A driving force in such a database-centric architecture is the use of object-relational mapping (ORM) frameworks. Don't get me wrong, I love those frameworks and I'm working with JPA and Hibernate on a daily basis.

But if we combine an ORM framework with a layered architecture, we're easily tempted to mix business rules with persistence aspects:

Figure 1.2: Using the database entities in the domain layer leads to strong coupling with the persistence layer
Figure 1.2: Using the database entities in the domain layer leads to strong coupling with the persistence layer

Usually, we have ORM-managed entities as part of the persistence layer, as shown in the preceding figure. Since layers may access the layers below them, the Domain layer is allowed to access those entities. And if it's allowed to use them, they will be used.

This creates a strong coupling between the Persistence layer and the Domain layer. Our services use the persistence model as their business model and not only have to deal with the domain logic but also with eager versus lazy loading, database transactions, flushing caches, and similar housekeeping tasks.

The persistence code is virtually fused into the domain code, and thus it's hard to change one without the other. That's the opposite of being flexible and keeping options open, which should be the goal of our architecture.

It's Prone to Shortcuts

In a conventional layered architecture, the only global rule is that from a certain layer, we can only access components in the same layer or in a layer below.

There may be other rules that a development team has agreed upon, and some of them might even be enforced by tooling, but the layered architecture style itself does not impose those rules on us.

So, if we need access to a certain component in a layer above ours, we can just push the component down a layer, and we're allowed to access it. Problem solved.

Doing this once may be OK. But doing it once opens the door for doing it a second time. And if someone else was allowed to do it, so am I, right?

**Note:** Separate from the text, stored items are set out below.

(* Otherwise the winner could shade his bid to the midpoint with the next one. *)
Lemma price_is_losing_bid : exists2 i, i != w & b i h = p.
Proof.
have [k0 k0w] := exists_other_buyer w.
case: (boolP [exists i, (i != w) && (b i h == p)]).
  by case/existsP => i /andP [iw /eqP]; exists i.
rewrite negb_exists => /forallP ne_p.
have lt_bp k : k != w -> b k h < p.
  by move=> kw; rewrite lt_neqAle winner_bid_max andbT; have := ne_p k; rewrite kw.
pose m := \big[Order.max/0]_(k | k != w) b k h.
have le_bm k : k != w -> b k h <= m by move=> kw; apply: le_bigmax_cond.
have lt_mp : m < p.
  by apply/bigmax_ltP; split; [exact: le_lt_trans (bid_ge0 k0) (lt_bp _ k0w)|].
have m_ge0 : 0 <= m by apply: le_trans (le_bm _ k0w); exact: bid_ge0.
pose x := (m + p) / 2.
have ww : winner (deviate b w x h) h = w.
  apply: winner_strict => k kw; rewrite !deviate_at eqxx (negbTE kw).
  by apply: le_lt_trans (le_bm _ kw) _; rewrite /x; lra.
by have := stage_deviation_le w (x := x); rewrite ww eqxx /x; lra.
Qed.

Lemma price_le_winner_value : p <= v w j.
Proof.
have := stage_deviation_le w (lexx 0); rewrite eqxx.
by case: eqP => _; have := v_ge0 w j; lra.
Qed.

Lemma price_eq_rival_value : rival_value w j = p.
Proof.
apply/le_anti/andP; split.
  by apply/bigmax_leP; split; [exact: bid_ge0 | move=> k; apply: loser_value_le_price].
have [i iw <-] := price_is_losing_bid.
apply: le_trans (le_rival_value j iw).
exact: loser_bid_le_value.
Qed.

Lemma U_stage_surplus_sum i : U b i h = surplus_sum i (unsold h).
Proof.
rewrite U_stage (surplus_sum_cons i w h_unsold) unsold_upd; congr (_ + _).
have [<-|iw] := eqVneq w i.
  by rewrite surplus_rival_le price_eq_rival_value // price_le_winner_value.
rewrite surplus_eq0 // (le_trans (loser_value_le_price _)) 1?eq_sym //.
exact: le_trans price_le_winner_value (le_rival_value _ _).
Qed.

End OneStage.

Lemma OC_SPE_outcome b : OC_SPE v ord tb b -> forall h, reachable ord h ->
  (forall i, U b i h = surplus_sum i (unsold h)) /\
  (forall j k p, (j, k, p) \in outcome b h ->
     rival_value k j <= v k j /\ p = rival_value k j).
Proof.
move=> b_eq; elim/unsold_ind => [h E _|h ne IH rh].
  by split=> [i|j k p]; rewrite ?U_nil ?surplus_sum_nil ?outcome_nil.
have U_children i k : U b i (upd h (ord h) k) = surplus_sum i (unsold h :\ ord h).
  by rewrite (IH k (reach_step k rh ne)).1 unsold_upd.
split=> [i|j k p]; first exact: U_stage_surplus_sum.
rewrite outcome_cons // in_cons => /orP [/eqP [-> -> ->]|]; last first.
  exact: (IH _ (reach_step _ rh ne)).2.
rewrite price_eq_rival_value //; split=> //.
exact: price_le_winner_value.
Qed.

End SequentialFirstPriceAuction.

Theorem mainTheorem5 (R : realType) (N M : finType) (v : N -> M -> R)
    (ord : alloc N M -> M) (tb : alloc N M -> M -> {set N} -> N) :
  (1 < #|N|)%N ->
  (forall i j, 0 <= v i j) ->
  valid_order ord ->
  max_tiebreak v tb ->
  (exists b : profile R N M, OC_SPE v ord tb b) /\
  (forall b : profile R N M, OC_SPE v ord tb b ->
     (forall j : M, exists w p, (j, w, p) \in outcome ord tb b (root_node N M)) /\
     (forall (j : M) (w : N) (p : R),
        (j, w, p) \in outcome ord tb b (root_node N M) ->
        (forall i, v i j <= v w j) /\
        (exists2 i, i != w & p = v i j) /\
        (forall i, i != w -> v i j <= p))).
Proof.
move=> two_buyers v_ge0 ord_valid tb_max; split.
  by exists (capped_bids v ord); exact: capped_bids_OC_SPE.
move=> b b_eq; split=> [j|j w p jwp].
  by apply: (mem_outcome tb ord_valid); rewrite /unsold inE ffunE.
have [_ /(_ _ _ _ jwp) [le_rv_v ->]] :=
  OC_SPE_outcome two_buyers v_ge0 ord_valid tb_max b_eq (reach_root ord).
have [k kw rv_k] := rival_value_attained two_buyers v_ge0 w j.
split; last split.
- move=> i; have [->//|iw] := eqVneq i w.
  exact: le_trans (le_rival_value _ _ iw) le_rv_v.
- by exists k.
- by move=> i iw; apply: le_rival_value.
Qed.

I'm not saying that as developers, we take such shortcuts lightly. But if there is an option to do something, someone will do it, especially in combination with a looming deadline. And if something has been done before, the threshold for someone to do it again will lower drastically. This is a psychological effect called the "Broken Windows Theory" – more on this in Chapter 11, Taking Shortcuts Consciously:

Figure 1.3: Since we may access everything in the persistence layer, it tends to grow fat over time
Figure 1.3: Since we may access everything in the persistence layer, it tends to grow fat over time

Over years of development and maintenance of a software project, the persistence layer may very well end up like the one in the preceding figure.

The persistence layer (or, in more generic terms, the bottom-most layer) will grow fat as we push components down through the layers. Perfect candidates for this are helper or utility components since they don't seem to belong to any specific layer.

So, if we want to disable the "shortcut mode" for our architecture, layers are not the best option, at least not without enforcing some kind of additional architecture rules. And by "enforce," I don't mean a senior developer doing code reviews but rules that make the build fail when they're broken.

It Grows Hard to Test

A common evolution within a layered architecture is that layers are being skipped. We access the Persistence layer directly from the Web layer since we're only manipulating a single field of an Entity, and for that we need not bother the Domain layer, right?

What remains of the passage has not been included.